On _______ __, 2017 Discover Bank file a Notice of Oral Hearing for a hearing on its summary judgment motion on ________________2017 at ______, with a purported certificate of service attached that does not state any date of service upon the Defendant.[3] CR__.
            On JUDGMENTDATE, the trial court heard the Bank’s motion and signed an order granting it. CR__. The summary judgment awards $JUDGMENT, the exact amount pleaded for in the Bank’s petition, and characterizes this amount as “principal damages.” 
            Defendant Schuldner contends that he did not have proper notice of the summary judgment hearing. CR__.
            Schuldner did not file a post-judgment motion.
          Schuldner timely filed his pro-se motion of appeal on _______________, 2017. CR__.
Scope of Appellate Issues in this Brief
This brief focuses on whether the Bank’s summary judgment evidence was sufficient under the summary judgment standard and whether the Bank has shown itself entitled to the full amount of damages it pleaded for in its Original Petition.
On appeal, traditional summary judgments are reviewed under the same standard that applies in the trial court. A legal sufficiency challenge does not require any error preservation, wherefore waiver in the trial court is not an issue in this appeal.  
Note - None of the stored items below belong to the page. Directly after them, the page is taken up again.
(* The words of [stuffle_sum_star Y x y] whose first letter is that of the
   coarsening of [y]. *)
Definition stuffle_sum_head Y x y :=
  \sum_(l <- coarsenings y)
    if l is c :: l' then stuffle_sum (fun w => Y (c :: w)) x l' else 0.

Lemma stuffle_sum_star_nil Y y : y != [::] ->
  stuffle_sum_star Y [::] y = stuffle_sum_head Y [::] y.
Proof.
move=> y_neq0; apply: eq_big_seq => l /(coarsenings_neq_nil y_neq0).
by case: l => [|c l] // _; rewrite !stuffle_sum_nill.
Qed.

Lemma stuffle_sum_star_cons Y a x y :
  stuffle_sum_star Y (a :: x) y =
  stuffle_sum_head Y x (a :: y) + stuffle_sum_head Y (a :: x) y.
Proof.
case: (eqVneq y [::]) => [->|y_neq0].
  by rewrite /stuffle_sum_star /stuffle_sum_head /= !big_seq1 !stuffle_sum_nilr addr0.
rewrite /stuffle_sum_head coarsenings_cons // big_flatten big_map -big_split.
apply: eq_big_seq => l /(coarsenings_neq_nil y_neq0).
by case: l => [|c l] // _; rewrite big_cons big_seq1 /= stuffle_sum_cons addrAC.
Qed.

End StuffleSumStar.

Lemma alternating_telescope (A : pzRingType) (f h : nat -> A) r :
  f 0%N = h 0%N -> (forall i, (i < r)%N -> f i.+1 = h i + h i.+1) ->
  \sum_(i < r.+1) (-1) ^+ i * f i = (-1) ^+ r * h r.
Proof.
elim: r => [|r IH] f0 fS; first by rewrite big_ord1 f0.
rewrite big_ord_recr /= IH => [|//|i lt_ir]; last by apply: fS; rewrite ltnW.
by rewrite fS // exprS mulN1r !mulNr mulrDr opprD addrA subrr add0r.
Qed.

Lemma alternating_stuffle_sum_star (A : pzRingType) (Y : seq nat -> A) k :
  \sum_(i < (size k).+1) (-1) ^+ i * stuffle_sum_star Y (rev (take i k)) (drop i k)
  = Y [::] *+ (size k == 0%N).
Proof.
case: (eqVneq k [::]) => [->|k_neq0].
  by rewrite big_ord1 /stuffle_sum_star /= big_seq1 stuffle_sum_nill mul1r.
have -> : (size k == 0%N) = false by rewrite size_eq0 (negPf k_neq0).
rewrite (@alternating_telescope _
  (fun i => stuffle_sum_star Y (rev (take i k)) (drop i k))
  (fun i => stuffle_sum_head Y (rev (take i k)) (drop i k))).
- by rewrite drop_size /stuffle_sum_head big_seq1 mulr0.
- by rewrite take0 drop0 stuffle_sum_star_nil.
move=> i lt_ik; rewrite (take_nth 0%N lt_ik) rev_rcons (drop_nth 0%N lt_ik).
exact: stuffle_sum_star_cons.
Qed.

Lemma pmul_zeta_shift_star (R : realType) (Z : seq nat -> {poly R}) x y m :
  (forall k l, is_index k -> is_index l -> Z k * Z l = stuffle_sum Z k l) ->
  is_index x -> is_index y ->
  pmul (zeta_shift Z x) (zeta_shift_star Z y) m =
  stuffle_sum_star (fun w => zeta_shift Z w m) x y.
Proof.
move=> Zmul x_idx y_idx; rewrite /pmul /zeta_shift_star.
under eq_bigr do rewrite mulr_sumr; rewrite exchange_big.
apply: eq_big_seq => l /(coarsenings_index y_idx) l_idx.
exact: zeta_shift_mul.
Qed.

Lemma mzv_nil (R : realType) : mzv R [::] = 1.
Proof. by rewrite /mzv /zeta_trunc /=; apply: lim_cst. Qed.

Theorem corollary2p6 (R : realType) (Z : seq nat -> {poly R})
  (HZ : harmonic_regularization Z) (k : seq nat) (hk : is_index k) (m : nat) :
  \sum_(i < (size k).+1)
     (-1) ^+ i * pmul (zeta_shift Z (rev (take i k)))
                      (zeta_shift_star Z (drop i k)) m
  = ((size k == 0%N) && (m == 0%N))%:R.
Proof.
case: HZ => Zadm _ Zmul.
have Z_nil : Z [::] = 1 by rewrite Zadm // mzv_nil.
have pmul_star i : pmul (zeta_shift Z (rev (take i k))) (zeta_shift_star Z (drop i k)) m
    = stuffle_sum_star (fun w => zeta_shift Z w m) (rev (take i k)) (drop i k).
  have : is_index (take i k ++ drop i k) by rewrite cat_take_drop.
  rewrite /is_index all_cat -(all_rev _ (take i k)) => /andP[take_idx drop_idx].
  exact: pmul_zeta_shift_star.
under eq_bigr do rewrite pmul_star.
rewrite alternating_stuffle_sum_star zeta_shiftE shift_sum_nil Z_nil.
by case: (size k == 0%N); case: eqP => [->|_]; rewrite ?expr0 ?mul1r ?mulr0 ?mulr0n.
Qed.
Summary of the Argument on the Merits  
To prove its breach-of-contract claim, Discover Bank relies on a particular version of a generic card member agreement that applies to a sub-set of customers (terms level “24J”), but it did not attach the separate pricing schedule that contains the account-specific cost-of-credit terms, which the generic cardmember agreement incorporates by reference. The contractual basis for the specific account, and the parties’ agreement on credit terms, is therefore insufficiently proven, and the summary judgment should be reversed and remanded for failure to prove the first element of a viable breach of contact cause of action. Because the absence of proof of an agreement on material credit terms goes to liability, the case would have to be remanded in its entirety, without a need to first examine the sufficiency of the proof on the remaining elements on which Discover Bank had the burden of proof.
Alternatively, the judgment is reversible as to damages irrespective of proof of contract terms. The award of $JUDGMENT in this case constitutes error because the Bank has not established proper acceleration of the revolving balance on the account. This failure consists of two components: (1) absence of any evidence that the outstanding balance was accelerated in fact, and (2) absence of any evidence that notice of intent to accelerate and opportunity to cure was provided to the cardholder/defendant. The latter omission would defeat Discover Bank’s bid for a summary judgment for the entire outstanding balance even if it had accelerated maturity as a factual matter, and even if it had furnished competent evidence of such acceleration-in-fact for summary judgment purposes.
Based on the summary judgment record before the court in this case, Discover Bank can at best substantiate a claim for $LASTPASTDUE because that is the highest amount actually shown as “past due” on any of the account statements attached to its summary judgment affidavit.
By contrast, amounts not yet due (i.e. future installment payments) cannot form the basis for a claim of breach because a breach must occur before a claim can accrue, and the damages sought must have been caused by a breach to be recoverable in a lawsuit.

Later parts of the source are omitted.